Has one used a hand crank winch for pulling there boat over the dikes at shia. I have a 12 deep v and I was thinking about using a hand winch and an extra length of chain to help pull over dikes. I know it will be slow but is better then carrying it. Has anyone ever done anything like this, and what is the best way to approach it?


----------



## Shiawassee_Kid (Nov 28, 2000)

find a canoe. save yourself a whole lot of time, whole lot of pain...its 130' from start to end...do the math on a hand crank winch and you will find that 12' will feel like the titanic coming over that dike.


----------



## Time_Will_Tell (Apr 5, 2009)

when i hunted we unloaded everything carried it over then reloaded but it sounds like a lumberjack convention in predawn hrs with everyone useing there chain saw winch systems there some of the dikes there are big too i know humping over the fed. marsh one is for sure


----------



## wavie (Feb 2, 2004)

Unless you've been hand cranking for a yacht in the Americas Cup race for some time, I wouldnt even consider it.


----------



## Quack Wacker (Dec 20, 2006)

Not unless you have arms that don't quit like Popeye. If you do you better have a case of spinach in that 12 footer!


----------



## just ducky (Aug 23, 2002)

As everyone said, hand cranking would be a royal pain, unless you had an elaborate gearing system to make it go a lot quicker and easier on the arms. But then carrying something like that kind of defeats the purpose, eh?

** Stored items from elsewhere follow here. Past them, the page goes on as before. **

Lemma inf_attained (R : realType) (E : set R) x : E x -> lbound E x -> inf E = x.
Proof.
move=> Ex lbx; apply/le_anti/andP; split.
  by apply: ge_inf Ex; exists x.
by apply: lb_le_inf lbx; exists x.
Qed.

Section MatrixNorm.
Context {R : realDomainType} {m n : nat}.

Lemma mx_coord_le_norm (A : 'M[R]_(m, n)) i j : `|A i j| <= `|A|.
Proof.
rewrite [leRHS]/Num.norm /= mx_normrE.
exact: (le_bigmax _ (fun ij : 'I_m * 'I_n => `|A ij.1 ij.2|) (i, j)).
Qed.

Lemma mx_norm_le (A : 'M[R]_(m, n)) M :
  0 <= M -> (forall i j, `|A i j| <= M) -> `|A| <= M.
Proof.
move=> M0 AM; rewrite [leLHS]/Num.norm /= mx_normrE.
by apply: bigmax_le => // -[i j] _; exact: AM.
Qed.

End MatrixNorm.

Section RowVectorCoordinates.
Context {R : realType} {T : finType}.

Definition ffun_of_rV (v : 'rV[R]_#|T|) : {ffun T -> R} :=
  [ffun z => v ord0 (enum_rank z)].

Definition rV_of_fun (f : T -> R) : 'rV[R]_#|T| := \row_i f (enum_val i).

Lemma rV_of_funK f z : ffun_of_rV (rV_of_fun f) z = f z.
Proof. by rewrite ffunE mxE enum_rankK. Qed.

Lemma rV_of_ffunK (f : {ffun T -> R}) : ffun_of_rV (rV_of_fun f) = f.
Proof. by apply/ffunP => z; rewrite rV_of_funK. Qed.

Lemma continuous_ffun_of_rV z : continuous (fun v => ffun_of_rV v z).
Proof.
rewrite (_ : (fun v => _) = fun v : 'rV[R]_#|T| => v ord0 (enum_rank z)).
  exact: coord_continuous.
by apply: funext => v; rewrite ffunE.
Qed.

Lemma continuous_sum (I : finType) (F : I -> 'rV[R]_#|T| -> R) :
  (forall i, continuous (F i)) -> continuous (fun v => \sum_i F i v).
Proof.
by move=> Fc; exact: (@continuous_big R I +%R 0 predT add_continuous _ _ _ (fun i _ => Fc i)).
Qed.

End RowVectorCoordinates.

Lemma dist_le1 (R : realType) (T : finType) (p : {ffun T -> R}) z :
  is_dist p -> p z <= 1.
Proof.
move=> [p0 <-]; rewrite (bigD1 z) //= lerDl.
by apply: sumr_ge0 => w _; exact: p0.
Qed.

Section OptimalCoupling.
Context {R : realType} {X Y : finType} {al : {ffun X -> R}} {be : {ffun Y -> R}}.
Hypotheses (hal : is_dist al) (hbe : is_dist be).

Lemma product_coupling : is_coupling al be [ffun z => al z.1 * be z.2].
Proof.
have [[al0 al1] [be0 be1]] := (hal, hbe).
split; [split|split].
- by move=> z; rewrite ffunE mulr_ge0.
- under eq_bigr do rewrite ffunE.
  rewrite -(pair_big predT predT (fun x y => al x * be y)) /= -al1.
  by apply: eq_bigr => x _; rewrite -big_distrr /= be1 mulr1.
- by move=> x; under eq_bigr do rewrite ffunE /=; rewrite -big_distrr /= be1 mulr1.
- by move=> y; under eq_bigr do rewrite ffunE /=; rewrite -big_distrl /= al1 mul1r.
Qed.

Second the canoe idea, which is what we use most of the time. Or even with your 12'...unload it as was suggested, then drag 'er over. I've done it that way for years.


----------



## SchuStrings32jg (Jul 13, 2008)

thank you everybody let me know if you have any more thoughts


----------



## choc24/7 (Jan 22, 2008)

handcranking will take all day.....we have a deep v 12' and we(2 guys) have no problem unloading a few things and carrying it over....been doing for 6 years, just dont have the $$$ to spend on a dike rig......a nice canoe with the side floats and a 6hp is a great option,,,buddy has one we use sometimes and thing flies and is light to carry over...


----------



## Ferris_StateHunter (Apr 24, 2006)

No, no, and more no... I would rather hump it over by hand, than spend what little time you have between the draw and shooting time on hand cranking.
_Posted via Mobile Device_


----------



## folpak (Feb 6, 2008)

Just an idea because I've never been there to see this **** but a battery operated winche monted to a boat sounds like a sweet setup if you had a bigger boat
_Posted via Mobile Device_


----------



## Ferris_StateHunter (Apr 24, 2006)

folpak said:


> Just an idea because I've never been there to see this **** but a battery operated winche monted to a boat sounds like a sweet setup if you had a bigger boat
> _Posted via Mobile Device_


It would be nice, but the fact of the matter is its very hard to pull the amount of dikes needed to get back to certain fields, and more often than not, the battery will die. And then your left with an investment that doesn't work. Ask sk, how many boats he has pulled over with his chainsaw because their battery gave out on the winch
_Posted via Mobile Device_


----------



## KLR (Sep 2, 2006)

I'll take "Creative ways to cause a hernia" for $800, Alex.


----------



## CaptainNorthwood (Jan 3, 2006)

Come on guys. Wheres your sense of adventure. Give the hand crank thing a whirl and lets see if these guys know what they are talking about. Should you forgoe the good advice and take my bad advice please videotape it. All joking aside if you have access to a canoe thats what I would be doing. When I first started hunting we had all kinds of crap with us. Over time you realize what you need and what you dont. Keeping it easy and simple makes the bad days alot better. Nothing worse than busting your balls and getting blanked.


----------



## ih772 (Jan 28, 2003)

KLR said:


> I'll take "Creative ways to cause a hernia" for $800, Alex.


:lol: Nice one!


----------



## folpak (Feb 6, 2008)

Ferris_StateHunter said:


> It would be nice, but the fact of the matter is its very hard to pull the amount of dikes needed to get back to certain fields, and more often than not, the battery will die. And then your left with an investment that doesn't work. Ask sk, how many boats he has pulled over with his chainsaw because their battery gave out on the winch
> _Posted via Mobile Device_


Just another random thought... buy a good battery.... I have deep cycle that I guarantee will pull you into the next county before it dies. granted it wasn't cheap but neither are hernias lol


----------



## Shiawassee_Kid (Nov 28, 2000)

folpak said:


> Just another random thought... buy a good battery.... I have deep cycle that I guarantee will pull you into the next county before it dies. granted it wasn't cheap but neither are hernias lol


it wont make it to the 40's and back. and if it does...it would take so long...can hand pull it over 50x faster.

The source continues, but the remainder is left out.